- PROBLEM DETAILS
Having found the line that holds "Lemma size_design B1", give that line and all lines after it again, word for word, through the end of the data below.

++++ EXTRACTED INFORMATION ++++

(* Every pair of [pblock Sa (a, v)] starts at [a], so [v] has exactly one
   in-neighbour there; in-valencies only depend on the fiber of [v]. *)
Lemma mem_pblock_point_row v v' : v \in D' -> v' \in D' ->
  (v', v') \in pblock Sa (v, v) -> (a, v') \in pblock Sa (a, v).
Proof.
move=> vD' v'D' vv'.
have vD : v \in D by move: vD'; rewrite in_setD1 => /andP [].
have v'D : v' \in D by move: v'D'; rewrite in_setD1 => /andP [].
set s0 := pblock Sa (a, v).
have avD : (a, v) \in setX D D by rewrite inE /= aD vD.
have s0S : s0 \in Sa by apply: (pblock_coh_mem hSa).
have row_a g w : (g, w) \in s0 -> g = a.
  move=> gw; have [gD _] := cell_dom hSa s0S gw.
  have := pblock_row hSa s0S gw (mem_pblock_coh hSa avD).
  rewrite (def_pblock_coh hSa fib_a (p := (a, a))) ?inE /= ?eqxx ?set11 // => eg.
  have : (g, g) \in pblock Sa (g, g) by apply: (mem_pblock_coh hSa); rewrite inE /= gD.
  by rewrite eg !inE /= => /andP [_ /eqP].
have : #|[set g | (g, v') \in s0]| == 1.
  rewrite -(card_col_pblock hSa s0S vD v'D); last first.
    exact/esym/(same_pblock (partition_trivIset (coherent_partition hSa)) vv').
  apply/cards1P; exists a; apply/setP => g; rewrite !inE.
  by apply/idP/eqP => [/row_a //|->]; apply: (mem_pblock_coh hSa).
case/cards1P => g Eg; have : g \in [set g | (g, v') \in s0] by rewrite Eg set11.
by rewrite inE => gv'; rewrite -(row_a _ _ gv').
Qed.

Lemma ext_key_refines x y : x \in setX D D -> y \in setX D D ->
  ext_key a S2 x = ext_key a S2 y -> y \in pblock Sa x.
Proof.
case: x => u v; case: y => u' v'; rewrite !inE /= => /andP [uD vD] /andP [u'D v'D].
rewrite /ext_key /fold_point /= => [[ua va e]].
have inD' w : w \in D -> (w == a) = false -> w \in D' by move=> wD wa; rewrite in_setD1 wa.
case uaT: (u == a) ua e => ua; case u'aT: (u' == a) ua => // _;
  case vaT: (v == a) va => va; case v'aT: (v' == a) va => // _ e.
- by rewrite (eqP uaT) (eqP u'aT) (eqP vaT) (eqP v'aT) (mem_pblock_coh hSa) // inE /= aD.
- rewrite (eqP uaT) (eqP u'aT); apply: mem_pblock_point_row; rewrite ?inD' //.
  by apply: pblock_restr; rewrite // inE /= ?inD'.
- rewrite (eqP vaT) (eqP v'aT) -[(u, a)]/((a, u).2, (a, u).1) (pblock_swap hSa) inE /=.
  apply: mem_pblock_point_row; rewrite ?inD' //.
  by apply: pblock_restr; rewrite // inE /= ?inD'.
- by apply: pblock_restr; rewrite // inE /= ?inD'.
Qed.

Lemma is_rel_point_ext r : is_rel Sa r -> is_rel (point_ext D a S2) r.
Proof.
move=> relr; have rD := is_rel_sub (coherent_partition hSa) relr.
apply: (is_rel_pblock (point_ext_partition D a S2) rD) => x xr.
have xD : x \in setX D D by apply: (subsetP rD).
apply/subsetP => y; rewrite pblock_point_ext // inE => /andP [yD /eqP e].
exact: subsetP (is_rel_pblock_sub (coherent_partition hSa) relr xr) _ (ext_key_refines xD yD e).
Qed.

End Refinement.

Unset Implicit Arguments.

Theorem lemma3p1 (T : finType) (D : {set T}) (S : {set {set T * T}})
  (Pi : {set {set T}}) (a : T) (Sa : {set {set T * T}}) :
  coherent D S ->
  (forall G, G \in Pi -> G \subset D) ->
  gen_base D S Pi ->
  a \in D ->
  Pi_fission D S [set [set a]] Sa ->
  gen_base (D :\ a) (restr (D :\ a) Sa) [set G :\ a | G in Pi].
Proof.
move=> _ PiD base aD [[hSa relSa] fibSa _].
have fib_a := fiber_of_union_of_fibers1 (fibSa _ (set11 _)).
apply: gen_base_of_complete => [r|_ /imsetP [G GPi ->]|S2 [hS2 relS2] fibS2].
- exact: restr_rel_sub.
- exact/setSD/PiD.
apply: (complete_of_point_ext hS2); apply: (complete_of_gen_base base).
  split; first exact: point_ext_coherent.
  by move=> r /relSa; apply: is_rel_point_ext.
by move=> G GPi; apply/union_of_fibers_point_ext/fibS2/imset_f.
Qed.
Lemma mem_triangle x y :
  x < 3 -> y < 3 -> x != y -> [set inord x; inord y] \in triangle.
Proof.
rewrite /triangle !inE.
case: x => [|[|[|]]] //; case: y => [|[|[|]]] //= _ _ _; rewrite ?eqxx ?orbT //.
all: by rewrite setUC eqxx ?orbT.
Qed.

Lemma packing_of_words W :
    all (word_on m.+1) W -> covers m.+1 W -> 8 * size W + 3 <= 'C(m.+1, 2) ->
  is_packing (map cycle_of_word W) /\ leave (map cycle_of_word W) = triangle.
Proof.
move=> /allP Won /coversP covW count.
apply: packing_of_cover.
- by apply/allP => _ /mapP[s /Won sm ->]; apply: cycle_of_word_8cycle.
- apply/subsetP => e; rewrite inE => /andP[notU]; rewrite inE => /cards2P[u [v [uv Ee]]].
  rewrite {e}Ee -[u]inord_val -[v]inord_val in notU *.
  have [/andP[u3 v3] | uv3] := boolP ((u < 3) && (v < 3)); first exact: mem_triangle.
  have /hasP[s Ws adj] := covW u v (ltn_ord u) (ltn_ord v) uv uv3.
  case/negP: notU; rewrite bigcup_seq; apply/bigcupP.
  by exists (cycle_of_word s); rewrite ?map_f ?cyc_edges_of_word ?Won.
- by rewrite size_map; apply: leq_trans count; rewrite leq_add2l card_triangle.
Qed.
End WordCycles.

Definition covers_bipartite (B : seq (seq nat)) : bool :=
  all (fun x => all (fun y => has (fun b => word_adj b x (16 + y)) B) (iota 0 16)) (iota 0 16).

Lemma covers_bipartiteP B x y :
  covers_bipartite B -> x < 16 -> y < 16 -> has (fun b => word_adj b x (16 + y)) B.
Proof.
rewrite /covers_bipartite => /allP/(_ x) + hx hy.
by rewrite mem_iota hx => /(_ isT)/allP; apply; rewrite mem_iota.
Qed.

(* Block i is {3 + 16 i, ..., 18 + 16 i}; [lift_block i] maps {0, ..., 18} onto {0, 1, 2} and
   block i, [lift_pair i j] maps {0, ..., 15} onto block i and {16, ..., 31} onto block j. *)
Definition lift_block (i x : nat) := if x < 3 then x else x + 16 * i.

Definition lift_pair (i j x : nat) :=
  if x < 16 then 3 + 16 * i + x else 3 + 16 * j + (x - 16).

Definition ltn_pairs k := [seq (i, j) | j <- iota 0 k, i <- iota 0 j].

Definition design (B1 B2 : seq (seq nat)) k :=
  [seq map (lift_block i) b | i <- iota 0 k, b <- B1] ++
  [seq map (lift_pair p.1 p.2) b | p <- ltn_pairs k, b <- B2].

Lemma lift_block_inj i : injective (lift_block i).
Proof. by move=> x y; rewrite /lift_block; case: ifP; case: ifP; lia. Qed.

Lemma lift_pair_inj i j : i < j -> injective (lift_pair i j).
Proof. by move=> ij x y; rewrite /lift_pair; case: ifP; case: ifP; lia. Qed.

Lemma mem_ltn_pairs k i j : ((i, j) \in ltn_pairs k) = (i < j < k).
Proof.
apply/allpairsPdep/idP => [[j' [i' []]]|/andP[ij jk]].
  by rewrite !mem_iota /= => jk ij [-> ->]; rewrite ij.
by exists j, i; rewrite !mem_iota /= jk (leq_trans ij).
Qed.

Lemma size_ltn_pairs k : size (ltn_pairs k) = 'C(k, 2).
Proof.
rewrite size_allpairs_dep; elim: k => // k IH.
by rewrite -addn1 iotaD map_cat sumn_cat IH /= size_iota addn0 addn1 binS bin1 addnC.
Qed.

Lemma size_design B1 B2 k : size (design B1 B2 k) = k * size B1 + 'C(k, 2) * size B2.
Proof. by rewrite size_cat !size_allpairs size_iota size_ltn_pairs. Qed.

Definition block (v : nat) := (v - 3) %/ 16.

Lemma lift_block_local i v : (v < 3) || (block v == i) ->
  exists u, [/\ u < 19, (u < 3) = (v < 3) & lift_block i u = v].
Proof.
case: (ltnP v 3) => [v3 _|v3 /eqP v_blk].
  by exists v; rewrite /lift_block v3; split=> //; lia.
rewrite /block in v_blk; have u3 : (v - 16 * i < 3) = false.
  by apply/negbTE; rewrite -leqNgt; lia.
by exists (v - 16 * i); rewrite /lift_block u3; split=> //; lia.
Qed.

++++

- WORKED SOLUTION
Lemma size_design B1 B2 k : size (design B1 B2 k) = k * size B1 + 'C(k, 2) * size B2.
Proof. by rewrite size_cat !size_allpairs size_iota size_ltn_pairs. Qed.

Definition block (v : nat) := (v - 3) %/ 16.

Lemma lift_block_local i v : (v < 3) || (block v == i) ->
  exists u, [/\ u < 19, (u < 3) = (v < 3) & lift_block i u = v].
Proof.
case: (ltnP v 3) => [v3 _|v3 /eqP v_blk].
  by exists v; rewrite /lift_block v3; split=> //; lia.
rewrite /block in v_blk; have u3 : (v - 16 * i < 3) = false.
  by apply/negbTE; rewrite -leqNgt; lia.
by exists (v - 16 * i); rewrite /lift_block u3; split=> //; lia.
Qed.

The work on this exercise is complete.